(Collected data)

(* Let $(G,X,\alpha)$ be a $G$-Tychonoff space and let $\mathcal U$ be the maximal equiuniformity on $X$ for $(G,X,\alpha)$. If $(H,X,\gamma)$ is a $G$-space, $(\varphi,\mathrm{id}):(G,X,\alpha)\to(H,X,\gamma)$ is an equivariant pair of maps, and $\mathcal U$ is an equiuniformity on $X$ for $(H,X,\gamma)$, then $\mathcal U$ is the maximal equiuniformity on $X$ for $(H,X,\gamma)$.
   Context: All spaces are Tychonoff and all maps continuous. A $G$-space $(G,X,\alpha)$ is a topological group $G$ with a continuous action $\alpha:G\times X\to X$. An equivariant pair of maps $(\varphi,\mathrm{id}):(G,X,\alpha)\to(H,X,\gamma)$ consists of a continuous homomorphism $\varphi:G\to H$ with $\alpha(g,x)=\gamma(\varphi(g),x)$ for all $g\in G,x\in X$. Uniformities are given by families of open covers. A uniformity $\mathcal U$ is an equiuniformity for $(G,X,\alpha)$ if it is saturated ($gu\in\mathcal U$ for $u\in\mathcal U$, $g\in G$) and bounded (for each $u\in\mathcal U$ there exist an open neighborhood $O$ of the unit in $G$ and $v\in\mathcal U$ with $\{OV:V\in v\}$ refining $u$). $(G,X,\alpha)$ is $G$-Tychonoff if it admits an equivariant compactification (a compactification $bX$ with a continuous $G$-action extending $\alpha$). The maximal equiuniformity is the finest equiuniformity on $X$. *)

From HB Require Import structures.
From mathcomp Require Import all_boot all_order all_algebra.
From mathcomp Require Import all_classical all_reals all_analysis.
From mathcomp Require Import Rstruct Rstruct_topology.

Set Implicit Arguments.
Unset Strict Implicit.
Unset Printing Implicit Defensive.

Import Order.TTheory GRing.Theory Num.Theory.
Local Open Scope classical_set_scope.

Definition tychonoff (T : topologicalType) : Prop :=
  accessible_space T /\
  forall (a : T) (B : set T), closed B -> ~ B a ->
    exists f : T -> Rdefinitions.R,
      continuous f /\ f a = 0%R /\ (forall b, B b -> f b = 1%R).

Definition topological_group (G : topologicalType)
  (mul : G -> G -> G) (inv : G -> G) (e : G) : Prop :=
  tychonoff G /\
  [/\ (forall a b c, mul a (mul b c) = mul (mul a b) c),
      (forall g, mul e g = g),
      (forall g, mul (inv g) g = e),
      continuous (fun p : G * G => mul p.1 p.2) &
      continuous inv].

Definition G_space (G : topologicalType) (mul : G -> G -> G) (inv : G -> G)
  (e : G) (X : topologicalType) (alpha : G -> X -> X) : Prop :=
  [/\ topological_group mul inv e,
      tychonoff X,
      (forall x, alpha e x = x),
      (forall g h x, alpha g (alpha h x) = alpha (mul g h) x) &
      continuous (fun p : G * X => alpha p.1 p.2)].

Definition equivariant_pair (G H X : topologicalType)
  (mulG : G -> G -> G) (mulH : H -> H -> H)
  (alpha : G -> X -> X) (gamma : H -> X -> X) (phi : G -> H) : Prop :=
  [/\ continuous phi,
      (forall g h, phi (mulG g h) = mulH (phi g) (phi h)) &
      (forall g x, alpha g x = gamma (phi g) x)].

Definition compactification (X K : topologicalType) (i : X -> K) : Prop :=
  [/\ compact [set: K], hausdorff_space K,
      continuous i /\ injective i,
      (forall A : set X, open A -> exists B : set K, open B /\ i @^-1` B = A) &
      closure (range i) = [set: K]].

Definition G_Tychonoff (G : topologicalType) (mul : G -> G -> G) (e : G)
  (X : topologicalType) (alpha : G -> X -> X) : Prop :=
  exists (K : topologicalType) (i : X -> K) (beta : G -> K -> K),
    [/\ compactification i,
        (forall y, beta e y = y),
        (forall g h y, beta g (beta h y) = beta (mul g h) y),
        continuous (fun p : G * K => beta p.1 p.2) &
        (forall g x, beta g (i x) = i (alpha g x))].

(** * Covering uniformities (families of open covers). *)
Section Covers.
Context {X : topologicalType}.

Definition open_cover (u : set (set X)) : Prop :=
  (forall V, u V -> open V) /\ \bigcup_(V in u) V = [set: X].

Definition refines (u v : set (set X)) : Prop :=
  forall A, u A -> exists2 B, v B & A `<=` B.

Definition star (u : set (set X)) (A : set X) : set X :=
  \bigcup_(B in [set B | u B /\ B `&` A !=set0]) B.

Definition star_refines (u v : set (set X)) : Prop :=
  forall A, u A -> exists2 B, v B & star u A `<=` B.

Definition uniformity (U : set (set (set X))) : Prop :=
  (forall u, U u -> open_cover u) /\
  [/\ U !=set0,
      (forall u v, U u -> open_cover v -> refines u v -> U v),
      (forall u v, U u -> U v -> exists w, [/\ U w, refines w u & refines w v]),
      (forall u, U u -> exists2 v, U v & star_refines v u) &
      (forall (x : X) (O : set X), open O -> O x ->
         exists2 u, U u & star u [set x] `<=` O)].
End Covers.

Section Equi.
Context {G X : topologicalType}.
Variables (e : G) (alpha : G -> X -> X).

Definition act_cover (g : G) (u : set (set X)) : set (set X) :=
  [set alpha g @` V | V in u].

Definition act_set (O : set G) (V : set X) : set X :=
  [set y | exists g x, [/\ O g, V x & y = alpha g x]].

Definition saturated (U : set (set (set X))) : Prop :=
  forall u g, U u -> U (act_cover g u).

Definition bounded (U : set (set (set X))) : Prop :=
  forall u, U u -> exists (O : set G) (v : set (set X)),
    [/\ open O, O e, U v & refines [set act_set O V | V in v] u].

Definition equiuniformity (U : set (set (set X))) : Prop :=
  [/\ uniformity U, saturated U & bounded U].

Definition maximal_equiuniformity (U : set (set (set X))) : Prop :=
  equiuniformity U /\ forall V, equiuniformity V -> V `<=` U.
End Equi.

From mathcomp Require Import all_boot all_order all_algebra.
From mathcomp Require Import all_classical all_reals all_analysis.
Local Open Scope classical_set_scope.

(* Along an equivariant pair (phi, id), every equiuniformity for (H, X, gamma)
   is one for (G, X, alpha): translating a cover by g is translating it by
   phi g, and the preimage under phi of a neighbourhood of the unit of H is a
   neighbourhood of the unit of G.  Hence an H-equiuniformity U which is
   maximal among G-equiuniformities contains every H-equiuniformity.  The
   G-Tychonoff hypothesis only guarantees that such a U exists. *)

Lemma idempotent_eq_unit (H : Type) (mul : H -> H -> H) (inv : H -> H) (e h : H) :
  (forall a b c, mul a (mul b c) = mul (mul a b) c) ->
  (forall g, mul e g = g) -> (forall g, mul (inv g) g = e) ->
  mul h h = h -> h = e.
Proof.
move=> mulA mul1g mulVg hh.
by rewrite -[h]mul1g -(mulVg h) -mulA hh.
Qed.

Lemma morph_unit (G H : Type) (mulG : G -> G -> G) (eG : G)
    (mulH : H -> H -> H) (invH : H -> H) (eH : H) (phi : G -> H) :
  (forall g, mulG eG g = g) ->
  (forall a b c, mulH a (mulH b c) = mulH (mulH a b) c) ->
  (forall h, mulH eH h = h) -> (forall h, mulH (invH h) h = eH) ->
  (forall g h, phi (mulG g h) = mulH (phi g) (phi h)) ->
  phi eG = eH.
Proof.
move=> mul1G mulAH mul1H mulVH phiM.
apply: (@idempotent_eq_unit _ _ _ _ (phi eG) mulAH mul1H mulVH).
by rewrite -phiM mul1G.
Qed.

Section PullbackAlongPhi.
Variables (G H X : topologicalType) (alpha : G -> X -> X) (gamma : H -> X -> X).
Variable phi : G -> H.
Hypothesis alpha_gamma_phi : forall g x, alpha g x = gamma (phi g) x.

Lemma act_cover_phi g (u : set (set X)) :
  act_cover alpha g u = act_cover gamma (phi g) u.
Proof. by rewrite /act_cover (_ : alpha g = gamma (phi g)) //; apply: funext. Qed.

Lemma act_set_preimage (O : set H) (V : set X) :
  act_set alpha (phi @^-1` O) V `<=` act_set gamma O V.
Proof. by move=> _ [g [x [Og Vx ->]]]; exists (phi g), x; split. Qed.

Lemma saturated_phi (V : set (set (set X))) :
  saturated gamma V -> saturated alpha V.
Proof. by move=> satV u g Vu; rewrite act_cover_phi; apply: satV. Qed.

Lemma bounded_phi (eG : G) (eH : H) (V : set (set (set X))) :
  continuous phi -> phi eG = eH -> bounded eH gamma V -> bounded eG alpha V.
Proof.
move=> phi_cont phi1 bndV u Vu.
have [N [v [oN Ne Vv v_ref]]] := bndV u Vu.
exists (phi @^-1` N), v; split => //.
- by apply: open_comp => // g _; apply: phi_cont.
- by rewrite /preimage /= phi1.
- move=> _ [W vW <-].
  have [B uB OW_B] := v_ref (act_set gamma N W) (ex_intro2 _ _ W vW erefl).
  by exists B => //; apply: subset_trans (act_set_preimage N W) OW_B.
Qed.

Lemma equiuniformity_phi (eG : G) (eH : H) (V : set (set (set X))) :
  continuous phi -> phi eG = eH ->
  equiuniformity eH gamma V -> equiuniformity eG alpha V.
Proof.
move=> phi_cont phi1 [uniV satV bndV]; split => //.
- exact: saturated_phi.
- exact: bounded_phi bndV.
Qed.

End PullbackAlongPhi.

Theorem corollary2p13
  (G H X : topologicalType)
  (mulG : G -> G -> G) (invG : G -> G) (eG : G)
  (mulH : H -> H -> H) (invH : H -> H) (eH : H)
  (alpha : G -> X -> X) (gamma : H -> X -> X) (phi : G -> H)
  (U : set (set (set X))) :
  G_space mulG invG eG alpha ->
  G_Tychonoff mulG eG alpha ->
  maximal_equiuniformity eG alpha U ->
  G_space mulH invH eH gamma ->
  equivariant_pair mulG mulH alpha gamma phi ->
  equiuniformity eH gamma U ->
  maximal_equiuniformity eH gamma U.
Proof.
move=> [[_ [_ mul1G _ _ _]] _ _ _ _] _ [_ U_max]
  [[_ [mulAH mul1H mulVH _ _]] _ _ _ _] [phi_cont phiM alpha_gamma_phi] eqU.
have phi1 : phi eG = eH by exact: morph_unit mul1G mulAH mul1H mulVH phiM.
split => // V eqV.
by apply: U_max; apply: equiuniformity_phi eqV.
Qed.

Task statement: Throughout the records above, find the lines in which the word "mulVg" appears and return them.

Answer section:
move=> mulA mul1g mulVg hh.
by rewrite -[h]mul1g -(mulVg h) -mulA hh.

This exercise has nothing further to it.